Proprio a partire da queste dichiarazioni, Greenpeace e altri osservatori parlano di un benessere animale “solo su carta”: la distanza tra le policy aziendali e quanto mostrato nei video appare, secondo loro, difficilmente conciliabile.
Va ricordato però che le accuse mosse da Greenpeace – per quanto basate su materiali verificati e ora oggetto di intervento delle autorità – riguardano specifiche condizioni riscontrate in uno stabilimento e saranno oggetto di eventuali ulteriori accertamenti giudiziari. Ma la vicenda, di per sé, apre una questione più ampia: cosa succede davvero negli allevamenti intensivi che riforniscono i grandi marchi che troviamo ogni giorno al supermercato?

Le 5 aziende che guadagnano di più dagli allevamenti intensivi
La vicenda de La Pellegrina non arriva in un vuoto. Pochi giorni prima, Greenpeace aveva pubblicato un’indagine sulle 5 aziende che guadagnano di più dagli allevamenti intensivi in Italia, realizzata insieme a Openpolis. Da questa analisi emerge in maniera evidente come gli allevamenti intensivi rappresentino un business miliardario concentrato in poche mani;
La Pellegrina, con ricavi superiori a 1,6 miliardi di euro, è tra le prime cinque aziende zootecniche italiane per fatturato e occupa il secondo posto tra quelle con ricavi annui miliardari. Si tratta di aziende che in alcuni casi sono state anche responsabili di ingenti emissioni inquinanti o che ricevono importanti fondi pubblici, ad esempio dalla Politica Agricola Comune (PAC), di cui La Pellegrina risulta tra i maggiori beneficiari in Italia.
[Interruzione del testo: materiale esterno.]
(* Let $m \geq 13$ be an odd integer. The digraph $L_{2m}$ admits a $\vec{C}_m$-factorization if and only if $3 \nmid m$.
   Context: $L_{2m} = \vec{X}(m,\{1,3\}) \wr \overline{K}_2$ is the digraph with vertex set $\{x_a, y_a : a \in \mathbb{Z}_m\}$ whose arcs are exactly $(u_a, v_b)$ for all $u, v \in \{x,y\}$ and all $a,b \in \mathbb{Z}_m$ with $b - a \equiv 1$ or $b-a \equiv 3 \pmod m$. A $\vec{C}_m$-factor of a digraph is a spanning subdigraph that is a disjoint union of directed $m$-cycles; a $\vec{C}_m$-factorization is a partition of the arc set into $\vec{C}_m$-factors. *)

From mathcomp Require Import all_boot.
Set Implicit Arguments. Unset Strict Implicit. Unset Printing Implicit Defensive.

Section Digraphs.
Variable T : finType.

Definition arcset (D : rel T) : {set T * T} := [set p | D p.1 p.2].

Definition is_dicycle (D : rel T) (k : nat) (c : seq T) : Prop :=
  [/\ size c = k, uniq c & cycle D c].

Definition dicycle_arcs (c : seq T) : {set T * T} :=
  [set p | (p.1 \in c) && (p.2 == next c p.1)].

Definition Ck_factor (D : rel T) (k : nat) (F : {set T * T}) : Prop :=
  exists cs : seq (seq T),
    [/\ forall c, c \in cs -> is_dicycle D k c,
        forall v : T, count (fun c => v \in c) cs = 1 &
        F = \bigcup_(c <- cs) dicycle_arcs c].

Definition Ck_factorization (D : rel T) (k : nat) : Prop :=
  exists P : {set {set T * T}},
    partition P (arcset D) /\ forall F, F \in P -> Ck_factor D k F.
End Digraphs.

(* L_{2m} = X(m,{1,3}) wr K_2-bar: vertices (a, false) = x_a, (a, true) = y_a,
   a in Z_m (represented by 'I_m); arcs (u_a, v_b) iff b - a = 1 or 3 mod m. *)
Definition Lvert (m : nat) : finType := ('I_m * bool)%type.

Definition Larc (m : nat) : rel (Lvert m) :=
  fun u v => ((v.1 : nat) == (u.1 + 1) %% m) || ((v.1 : nat) == (u.1 + 3) %% m).

From mathcomp Require Import all_boot zify.
Set Implicit Arguments. Unset Strict Implicit. Unset Printing Implicit Defensive.
Lemma rising_add1 a i : rising (a + 1) i * a = rising a i * (a + INR i).
Proof.
  induction i as [|i IH]; cbn [rising]; [simpl; ring|].
  rewrite S_INR.
  transitivity (rising (a + 1) i * a * (a + 1 + INR i)); [ring|].
  rewrite IH; ring.
Qed.

Lemma rising_pos a i : 0 < a -> 0 < rising a i.
Proof.
  intros Ha; induction i as [|i IH]; cbn [rising]; [lra|].
  pose proof (pos_INR i); apply Rmult_lt_0_compat; lra.
Qed.

Lemma is_series_exp x : is_series (fun i => x ^ i / INR (Factorial.fact i)) (exp x).
Proof.
  eapply is_series_ext; [|apply (is_exp_Reals x)].
  intros n; change (scal ?a ?b) with (a * b); rewrite pow_n_pow; reflexivity.
Qed.

Lemma is_series_nat_mul_exp x :
  is_series (fun i => INR i * (x ^ i / INR (Factorial.fact i))) (x * exp x).
Proof.
  apply is_series_decr_1.
  match goal with |- is_series _ ?l => replace l with (scal x (exp x)) end.
  - eapply is_series_ext; [|exact (is_series_scal x _ _ (is_series_exp x))].
    intros n.
    change (x * (x ^ n / INR (Factorial.fact n))
            = INR (S n) * (x ^ S n / INR (Factorial.fact (S n)))).
    rewrite fact_simpl, mult_INR, <- tech_pow_Rmult, S_INR.
    pose proof (INR_fact_neq_0 n); pose proof (pos_INR n); field; lra.
  - change (plus ?u (opp ?v)) with (u - v); change (scal ?u ?v) with (u * v); simpl; ring.
Qed.

Lemma hyp1F1_add1 a x : 0 < a -> hyp1F1 (a + 1) a x = exp x * (1 + x / a).
Proof.
  intros Ha; unfold hyp1F1; apply is_series_unique.
  replace (exp x * (1 + x / a)) with (exp x + / a * (x * exp x)) by (field; lra).
  eapply is_series_ext; [|exact (is_series_plus _ _ _ _ (is_series_exp x)
                                   (is_series_scal (/ a) _ _ (is_series_nat_mul_exp x)))].
  intros n.
  change (x ^ n / INR (Factorial.fact n) + / a * (INR n * (x ^ n / INR (Factorial.fact n)))
          = rising (a + 1) n / (rising a n * INR (Factorial.fact n)) * x ^ n).
  pose proof (rising_pos a n Ha); pose proof (INR_fact_neq_0 n).
  replace (rising (a + 1) n) with (rising a n * (a + INR n) / a)
    by (rewrite <- rising_add1; field; lra).
  field; lra.
Qed.

Lemma hyp1F1_3_2_1_2_pos x : 0 <= x -> 0 < hyp1F1 (3 / 2) (1 / 2) x.
Proof.
  intros Hx; replace (3 / 2) with (1 / 2 + 1) by field.
  rewrite hyp1F1_add1 by lra.
  apply Rmult_lt_0_compat; [apply exp_pos|].
  replace (x / (1 / 2)) with (2 * x) by field; lra.
Qed.

Lemma Rpower_3_2 x : 0 < x -> Rpower x (3 / 2) = x * sqrt x.
Proof.
  intros Hx; replace (3 / 2) with (1 + / 2) by field.
  rewrite Rpower_plus, Rpower_1, Rpower_sqrt by exact Hx; reflexivity.
Qed.

Lemma phi_pos x : 0 < phi x.
Proof.
  apply Rdiv_lt_0_compat; [apply exp_pos | apply sqrt_lt_R0].
  pose proof PI_RGT_0; lra.
Qed.

Lemma phi_mul_exp_complete_square tau2 z l : 0 < tau2 ->
  phi (z - l) * exp (- l ^ 2 / (2 * tau2)) =
  phi z * exp (tau2 * z ^ 2 / (2 * (1 + tau2))) *
  gauss ((l - z * tau2 / (1 + tau2)) / sqrt (tau2 / (1 + tau2))).
Proof.
  intros Ht.
  assert (Hs2 : sqrt (tau2 / (1 + tau2)) ^ 2 = tau2 / (1 + tau2))
    by (apply pow2_sqrt, Rlt_le, Rdiv_lt_0_compat; lra).
  assert (Hs : 0 < sqrt (tau2 / (1 + tau2))) by (apply sqrt_lt_R0, Rdiv_lt_0_compat; lra).
  assert (Hexp : - (z - l) ^ 2 / 2 + - l ^ 2 / (2 * tau2) =
                 - z ^ 2 / 2 + tau2 * z ^ 2 / (2 * (1 + tau2))
                 + - ((l - z * tau2 / (1 + tau2)) / sqrt (tau2 / (1 + tau2))) ^ 2 / 2).
  { unfold Rdiv at 6; rewrite Rpow_mult_distr, pow_inv, Hs2; field; lra. }
  assert (H2PI : sqrt (2 * PI) <> 0)
    by (apply Rgt_not_eq, sqrt_lt_R0; pose proof PI_RGT_0; lra).
  unfold phi, gauss.
  transitivity (exp (- (z - l) ^ 2 / 2 + - l ^ 2 / (2 * tau2)) / sqrt (2 * PI));
    [| rewrite Hexp]; rewrite !exp_plus; field; exact H2PI.
Qed.

Lemma is_RInt_gen_m1 tau2 z : 0 < tau2 ->
  is_RInt_gen (fun lam => phi (z - lam) * Jdens tau2 lam)
    (Rbar_locally m_infty) (Rbar_locally p_infty)
    (m0 z * (Rpower (1 + tau2) (- (3 / 2)) *
             hyp1F1 (3 / 2) (1 / 2) (tau2 * z ^ 2 / (2 * (1 + tau2))))).
Proof.
  intros Ht.
  set (x := tau2 * z ^ 2 / (2 * (1 + tau2))).
  set (mu := z * tau2 / (1 + tau2)).
  set (s := sqrt (tau2 / (1 + tau2))).
  set (K := phi z * exp x / (Rpower (2 * tau2) (3 / 2) * Gamma (3 / 2))).
  assert (Hs : 0 < s) by (apply sqrt_lt_R0, Rdiv_lt_0_compat; lra).
  assert (Hs2 : s ^ 2 = tau2 / (1 + tau2))
    by (apply pow2_sqrt, Rlt_le, Rdiv_lt_0_compat; lra).
  assert (Hsqrt2 : 0 < sqrt 2) by (apply sqrt_lt_R0; lra).
  assert (HG : 0 < Gamma (3 / 2))
    by (rewrite Gamma_3_2; apply Rdiv_lt_0_compat; [apply gauss_int_infty_pos | exact Hsqrt2]).
  assert (HP : 0 < Rpower (2 * tau2) (3 / 2)) by apply exp_pos.
  replace (m0 z * _) with (K * (2 * (mu ^ 2 + s ^ 2) * s * gauss_int_infty)).
  - apply (is_RInt_gen_ext (fun lam => K * (lam ^ 2 * gauss ((lam - mu) / s)))).
    + apply filter_forall; intros _ lam _.
      change (K * (lam ^ 2 * gauss ((lam - mu) / s)) = phi (z - lam) * Jdens tau2 lam).
      transitivity (phi (z - lam) * exp (- lam ^ 2 / (2 * tau2)) * lam ^ 2
                    / (Rpower (2 * tau2) (3 / 2) * Gamma (3 / 2))).
      * rewrite phi_mul_exp_complete_square by exact Ht.
        unfold K, x, mu, s; field; split; apply Rgt_not_eq; assumption.
      * unfold Jdens; field; split; apply Rgt_not_eq; assumption.
    + apply (is_RInt_gen_scal (V := R_NormedModule)), is_RInt_gen_sq_mul_gauss_affine, Hs.
  - replace (hyp1F1 (3 / 2) (1 / 2) x) with (exp x * (1 + x / (1 / 2)))
      by (rewrite <- hyp1F1_add1 by lra; f_equal; field).
    rewrite Hs2.
    unfold K, m0, s, x, mu.
    rewrite Gamma_3_2, Rpower_Ropp, !Rpower_3_2, sqrt_div_alt, sqrt_mult by lra.
    assert (0 < sqrt tau2) by (apply sqrt_lt_R0; lra).
    assert (0 < sqrt (1 + tau2)) by (apply sqrt_lt_R0; lra).
    pose proof gauss_int_infty_pos.
    field; repeat split; apply Rgt_not_eq; (assumption || lra).
Qed.
(* Let $n\ge2$ and let $A=(a_{ij})$ be an $n\times n$ nonnegative irreducible matrix with row sums $r_1\ge r_2\ge\cdots\ge r_n$. Let $S=\min_{1\le i\le n}a_{ii}$ and $T=\min_{i\ne j}a_{ij}$. Then \[\rho(A)\ge \frac{r_n+S-T+\sqrt{(r_n-S+T)^2+4T\sum_{k=1}^{n-1}(r_k-r_n)}}{2}.\] Equality holds if and only if $r_1=\cdots=r_n$, or $T>0$ and for some $2\le t\le n$: (i) $a_{kk}=S$ for $1\le k\le t-1$; (ii) $a_{kl}=T$ for all $1\le k\le n$, $1\le l\le t-1$, $k\ne l$; (iii) $r_t=\cdots=r_n$.
   Context: $\rho(A)$ denotes the spectral radius of $A$. *)

(* Matrices with entries in algC (algebraic complex numbers);
   nonnegativity of entries forces them to be real. *)
From HB Require Import structures.
From mathcomp Require Import all_boot all_order all_algebra all_field.
Set Implicit Arguments. Unset Strict Implicit. Unset Printing Implicit Defensive.
Import Order.TTheory GRing.Theory Num.Theory.
Local Open Scope ring_scope.

(* The (complex) eigenvalues of A, listed with algebraic multiplicity:
   the roots of the characteristic polynomial in the algebraically closed algC. *)
Definition eigenvalues n (A : 'M[algC]_n) : seq algC :=
  sval (closed_field_poly_normal (char_poly A)).

Definition spectral_radius n (A : 'M[algC]_n) : algC :=
  \big[Num.max/0]_(z <- eigenvalues A) `|z|.

Definition nonneg_mx n (A : 'M[algC]_n) : Prop := forall i j, 0 <= A i j.

(* A is reducible iff, after a simultaneous permutation of rows and columns,
   it has the block form [[B, 0], [C, D]] with square nonempty B, D; i.e. iff
   some proper nonempty index set I has A i j = 0 for i in I, j not in I. *)
Definition reducible_mx n (A : 'M[algC]_n) : Prop :=
  exists I : {set 'I_n}, [/\ I != set0, I != setT &
    forall i j, i \in I -> j \notin I -> A i j = 0].
Definition irreducible_mx n (A : 'M[algC]_n) : Prop := ~ reducible_mx A.

Definition row_sum n (A : 'M[algC]_n) (i : 'I_n) : algC := \sum_(j < n) A i j.

(* minimum of a nonempty list (default 0 for the empty list, never used here) *)
Definition seq_min (s : seq algC) : algC := foldr Num.min (head 0 s) s.

Definition diag_min n (A : 'M[algC]_n) : algC :=
  seq_min [seq A i i | i <- enum 'I_n].

Definition offdiag_min n (A : 'M[algC]_n) : algC :=
  seq_min [seq A ij.1 ij.2 | ij <- enum [pred ij : 'I_n * 'I_n | ij.1 != ij.2]].

(* r_n, the last row sum (index n-1 in 0-based numbering) *)
Definition last_row_sum n (A : 'M[algC]_n) : algC :=
  nth 0 [seq row_sum A i | i <- enum 'I_n] n.-1.

From HB Require Import structures.
From mathcomp Require Import all_boot all_order all_algebra all_field.
From mathcomp Require Import polyrcf.
From mathcomp Require Import ring lra zify.
Set Implicit Arguments. Unset Strict Implicit. Unset Printing Implicit Defensive.
Import Order.TTheory GRing.Theory Num.Theory.
Local Open Scope ring_scope.

(* The proof is a Collatz--Wielandt argument.  Over a real closed field, let
   rho be a number with the two Collatz--Wielandt properties: B x >= t x for a
   positive x forces t <= rho, and B x = t x for a positive x forces rho <= t.
   If B is moreover irreducible, a positive x with B x >= t x gives t <= rho,
   with equality iff B x = t x (perturbation argument, [cw_equality]).  The
   bound theta of the theorem is the larger root of
   (theta - r_n) (theta - S + T) = T * sum_k (r_k - r_n); testing with
   x_k = 1 + (r_k - r_n) / (theta - S + T), the slack of B x >= theta x is a
   nonnegative combination of the excesses a_ij - (S or T), which yields the
   bound and its equality case ([row_sum_bound]). *)

Section FiniteExtrema.
Variable R : realDomainType.

Lemma ord_argmin n (f : 'I_n -> R) : (0 < n)%N -> exists i, forall j, f i <= f j.
Proof.
case: n f => [//|m] f _; exists [arg min_(i < ord0) f i]%O.
by case: arg_minP => // i _ H j; apply: H.
Qed.

Lemma ord_argmax n (f : 'I_n -> R) : (0 < n)%N -> exists i, forall j, f j <= f i.
Proof.
move=> n0; have [i Hi] := ord_argmin (fun i => - f i) n0.
by exists i => j; rewrite -lerN2.
Qed.

End FiniteExtrema.

(* A monic polynomial over a real closed field without roots in [th, +oo)
   is positive there: it is positive near +oo and cannot change sign. *)
Lemma monic_pos_right (R : rcfType) (p : {poly R}) (th : R) :
  p \is monic -> (forall mu, th <= mu -> ~~ root p mu) ->
  forall y, th <= y -> 0 < p.[y].
Proof.
move=> /monicP lc1 Hno y hy.
have [N HN] : exists N, forall x, N <= x -> lead_coef p <= p.[x].
  by apply: poly_pinfty_gt_lc; rewrite lc1 ltr01.
have hpB : 1 <= p.[y + `|N - y|] by rewrite -lc1 HN //; have := ler_norm (N - y); lra.
rewrite ltNge; apply/negP => py.
have [z /andP[yz _]] : exists2 z, y <= z <= y + `|N - y| & root p z.
  by apply: poly_ivt; [rewrite lerDl normr_ge0 | rewrite py /=; lra].
by apply/negP/Hno/(le_trans hy).
Qed.

Section SubinvariantVector.
Variables (R : rcfType) (n : nat) (A : 'M[R]_n).
Hypothesis A_ge0 : forall i j, 0 <= A i j.

Definition adj_vec : 'cV[{poly R}]_n := \adj (char_poly_mx A) *m const_mx 1.

Local Notation p := (char_poly A).
Local Notation u Y k := (adj_vec k 0).[Y].

Lemma adj_vec_eq Y i : Y * u Y i = p.[Y] + \sum_k A i k * u Y k.
Proof.
have : char_poly_mx A *m adj_vec = p *: const_mx 1.
  by rewrite /adj_vec mulmxA mul_mx_adj mul_scalar_mx.
move: adj_vec => U /(congr1 (fun M : 'cV_n => (M i 0).[Y])).
rewrite /= /char_poly_mx mulmxBl mul_scalar_mx !mxE mulr1.
rewrite hornerD hornerN hornerM hornerX horner_sum => <-.
suff -> : \sum_k A i k * (U k 0).[Y] = \sum_j ((A ^ polyC)%sesqui i j * U j 0).[Y].
  by rewrite subrK.
by apply: eq_bigr => k _; rewrite mxE hornerCM.
Qed.

Lemma adj_vec_pos Y : 0 < p.[Y] -> (forall k, 0 <= u Y k) -> forall k, 0 < u Y k.
Proof.
move=> pY u0 k; rewrite lt_def u0 andbT; apply/eqP => uk.
have : 0 <= \sum_j A k j * u Y j by apply: sumr_ge0 => j _; apply: mulr_ge0.
by have := adj_vec_eq Y k; rewrite uk mulr0; lra.
Qed.

(* Beyond every row sum, u(Y) is nonnegative (look at its least entry). *)
Lemma adj_vec_ge0_large Y : (forall i, \sum_j A i j < Y) -> 0 < p.[Y] ->
  forall k, 0 <= u Y k.
Proof.
move=> rowY pY k.
have [i Hi] := ord_argmin (fun k => u Y k) (leq_trans (ltn0Sn k) (ltn_ord k)).
apply: le_trans (Hi k); rewrite leNgt; apply/negP => ui.
have hsum : (\sum_j A i j) * u Y i <= \sum_j A i j * u Y j.
  by rewrite mulr_suml; apply: ler_sum => j _; apply: ler_wpM2l.
have := adj_vec_eq Y i; have := rowY i.
set r := \sum_j A i j in hsum * => ri eqi.
have : (Y - r) * u Y i < 0 by rewrite pmulr_rlt0 ?subr_gt0.
by rewrite mulrBl; lra.
Qed.

(* Positivity of u persists downwards as long as p stays positive: an entry of u
   could only become nonpositive after crossing a root of prod_k u_k. *)
Lemma adj_vec_pos_below th Y0 : th <= Y0 -> (forall y, th <= y -> 0 < p.[y]) ->
  (forall k, 0 < u Y0 k) -> forall k, 0 < u th k.
Proof.
move=> thY0 p_pos uY0.
pose Q := \prod_k adj_vec k 0.
have QE y : Q.[y] = \prod_k u y k by rewrite horner_prod.
have QY0 : 0 < Q.[Y0] by rewrite QE; apply: prodr_gt0.
have sweep z : th <= z -> z <= Y0 -> {in `]z, Y0[, forall y, ~~ root Q y} ->
    forall k, 0 < u z k.
  move=> thz zY0 noroot; apply: adj_vec_pos; first exact: p_pos.
  move=> k; rewrite leNgt; apply/negP => uz.
  have [w /andP[zw wY0] rw] : exists2 w, z <= w <= Y0 & root (adj_vec k 0) w.
    by apply: poly_ivt => //; have := uY0 k; lra.
  move/eqP: (rw) => uw.
  have zw' : z < w by rewrite lt_def zw andbT; apply: contraTneq uz => <-; lra.
  have wY0' : w < Y0 by rewrite lt_def wY0 andbT; apply: contraTneq (uY0 k) => ->; lra.
  have := noroot w; rewrite in_itv /= zw' wY0' => /(_ isT)/negP; apply.
  by rewrite rootE QE (bigD1 k) //= uw mul0r.
case: (prev_rootP Q th Y0) => [Q0 | y _ Qy | c _ _ noroot].
- by move: QY0; rewrite Q0 horner0 ltxx.
- rewrite in_itv /= => /andP[thy yY0] noroot; exfalso.
  have : 0 < Q.[y] by rewrite QE; apply: prodr_gt0 => k _; apply: sweep; rewrite ?ltW.
  by rewrite Qy ltxx.
- by apply: sweep.
Qed.

(* Collatz--Wielandt, lower side: a positive vector x with A x >= th x forces a
   characteristic root mu >= th.  Otherwise u(th) > 0 and (th I - A) u(th) > 0,
   which is incompatible with A x >= th x after scaling u(th) to touch x. *)
Lemma subinvariant_root (x : 'I_n -> R) th : (0 < n)%N -> (forall i, 0 < x i) ->
  (forall i, th * x i <= \sum_j A i j * x j) ->
  ~ (forall mu, th <= mu -> ~~ root p mu).
Proof.
move=> n0 x0 Hx noroot.
have p_pos := monic_pos_right (char_poly_monic A) noroot.
pose tot := \sum_i \sum_j A i j.
have row_le_tot i : \sum_j A i j <= tot.
  rewrite /tot [X in _ <= X](bigD1 i) //= lerDl.
  by apply: sumr_ge0 => ? _; apply: sumr_ge0 => ? _; exact: A_ge0.
have tot_ge0 : 0 <= tot by apply: sumr_ge0 => ? _; apply: sumr_ge0.
pose Y0 := 1 + `|th| + tot.
have thY0 : th <= Y0 by have := ler_norm th; rewrite /Y0; lra.
have rowY0 i : \sum_j A i j < Y0.
  by have := row_le_tot i; have := normr_ge0 th; rewrite /Y0; lra.
have uY0 := adj_vec_pos (p_pos _ thY0) (adj_vec_ge0_large rowY0 (p_pos _ thY0)).
have uth := adj_vec_pos_below thY0 p_pos uY0.
have [i Hi] := ord_argmax (fun k => x k / u th k) n0.
set lam := x i / u th i in Hi.
have lam0 : 0 < lam by rewrite divr_gt0.
have x_le j : x j <= lam * u th j by rewrite -ler_pdivrMr ?Hi.
have lam_ui : lam * u th i = x i by rewrite divfK // gt_eqF.
have : \sum_j A i j * x j <= lam * \sum_j A i j * u th j.
  by rewrite mulr_sumr; apply: ler_sum => j _; rewrite mulrCA; apply: ler_wpM2l.
have := adj_vec_eq th i; have := Hx i; have := p_pos th (lexx th).
have : lam * (th * u th i) = th * x i by rewrite mulrCA lam_ui.
nra.
Qed.

End SubinvariantVector.

Section CollatzWielandt.
Variables (R : realFieldType) (n : nat) (B : 'M[R]_n).

Definition cw_lower (rho : R) := forall (x : 'I_n -> R) t, (forall i, 0 < x i) ->
  (forall i, t * x i <= \sum_j B i j * x j) -> t <= rho.

Definition cw_upper (rho : R) := forall (x : 'I_n -> R) t, (forall i, 0 < x i) ->
  (forall i, \sum_j B i j * x j = t * x i) -> rho <= t.

(* Irreducibility, stated positively: every proper nonempty set of indices
   has an entry of B leading out of it. *)
Definition mx_connected := forall I : {set 'I_n}, I != set0 -> I != setT ->
  exists i j, [/\ i \in I, j \notin I & B i j != 0].

Definition slack (x : 'I_n -> R) th k := \sum_j B k j * x j - th * x k.

Definition slack_support x th : {set 'I_n} := [set k | 0 < slack x th k].

Hypothesis B_ge0 : forall i j, 0 <= B i j.
Hypothesis B_conn : mx_connected.

Lemma slack_bump x th j e k :
  slack (fun l => x l + (if l == j then e else 0)) th k =
  slack x th k + B k j * e - (if k == j then th * e else 0).
Proof.
have bump : \sum_l B k l * (if l == j then e else 0) = B k j * e.
  by rewrite (bigD1 j) //= eqxx big1 ?addr0 // => l /negPf->; rewrite mulr0.
rewrite /slack; under eq_bigr do rewrite mulrDr.
by rewrite big_split /= bump; case: eqP; rewrite ?mulr0 ?addr0; lra.
Qed.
È su questo intreccio – profitti altissimi, impatti ambientali rilevanti, condizioni di allevamento contestate – che Greenpeace costruisce la propria campagna: fermare l’espansione degli allevamenti intensivi e convertire quelli esistenti verso modelli ritenuti più sostenibili per clima, salute e diritti degli animali.
Una storia triste, ma non isolata
Definire quella de La Pellegrina una “storia triste” non è solo una scelta narrativa: è il modo in cui molti osservatori leggono l’insieme dei fatti. Ma soprattutto è una storia che, come ricordano Greenpeace e molte testate che hanno seguito il caso, non è un’eccezione, bensì il sintomo di un “sistema malato”: quello degli allevamenti intensivi, basato sulla massimizzazione del numero di animali allevati nello spazio e nel tempo, spesso a spese dell’ambiente, della salute pubblica e degli stessi animali.
E adesso? Dopo il sequestro, la multa e l’esplosione mediatica, la storia dell’allevamento La Pellegrina è tutt’altro che chiusa: seguiranno indagini, eventuali procedimenti, forse investimenti per mettere a norma gli impianti o scelte industriali più radicali.
Resta però un dato di fatto: se un gigante da oltre 1,6 miliardi di fatturato, ai vertici delle aziende zootecniche italiane, finisce sotto sequestro per condizioni igienico-sanitarie ritenute gravemente carenti, allora la domanda non può più essere solo “che cosa è successo in quell’allevamento”, ma che cosa sia successo al modello stesso di produzione della carne in Italia.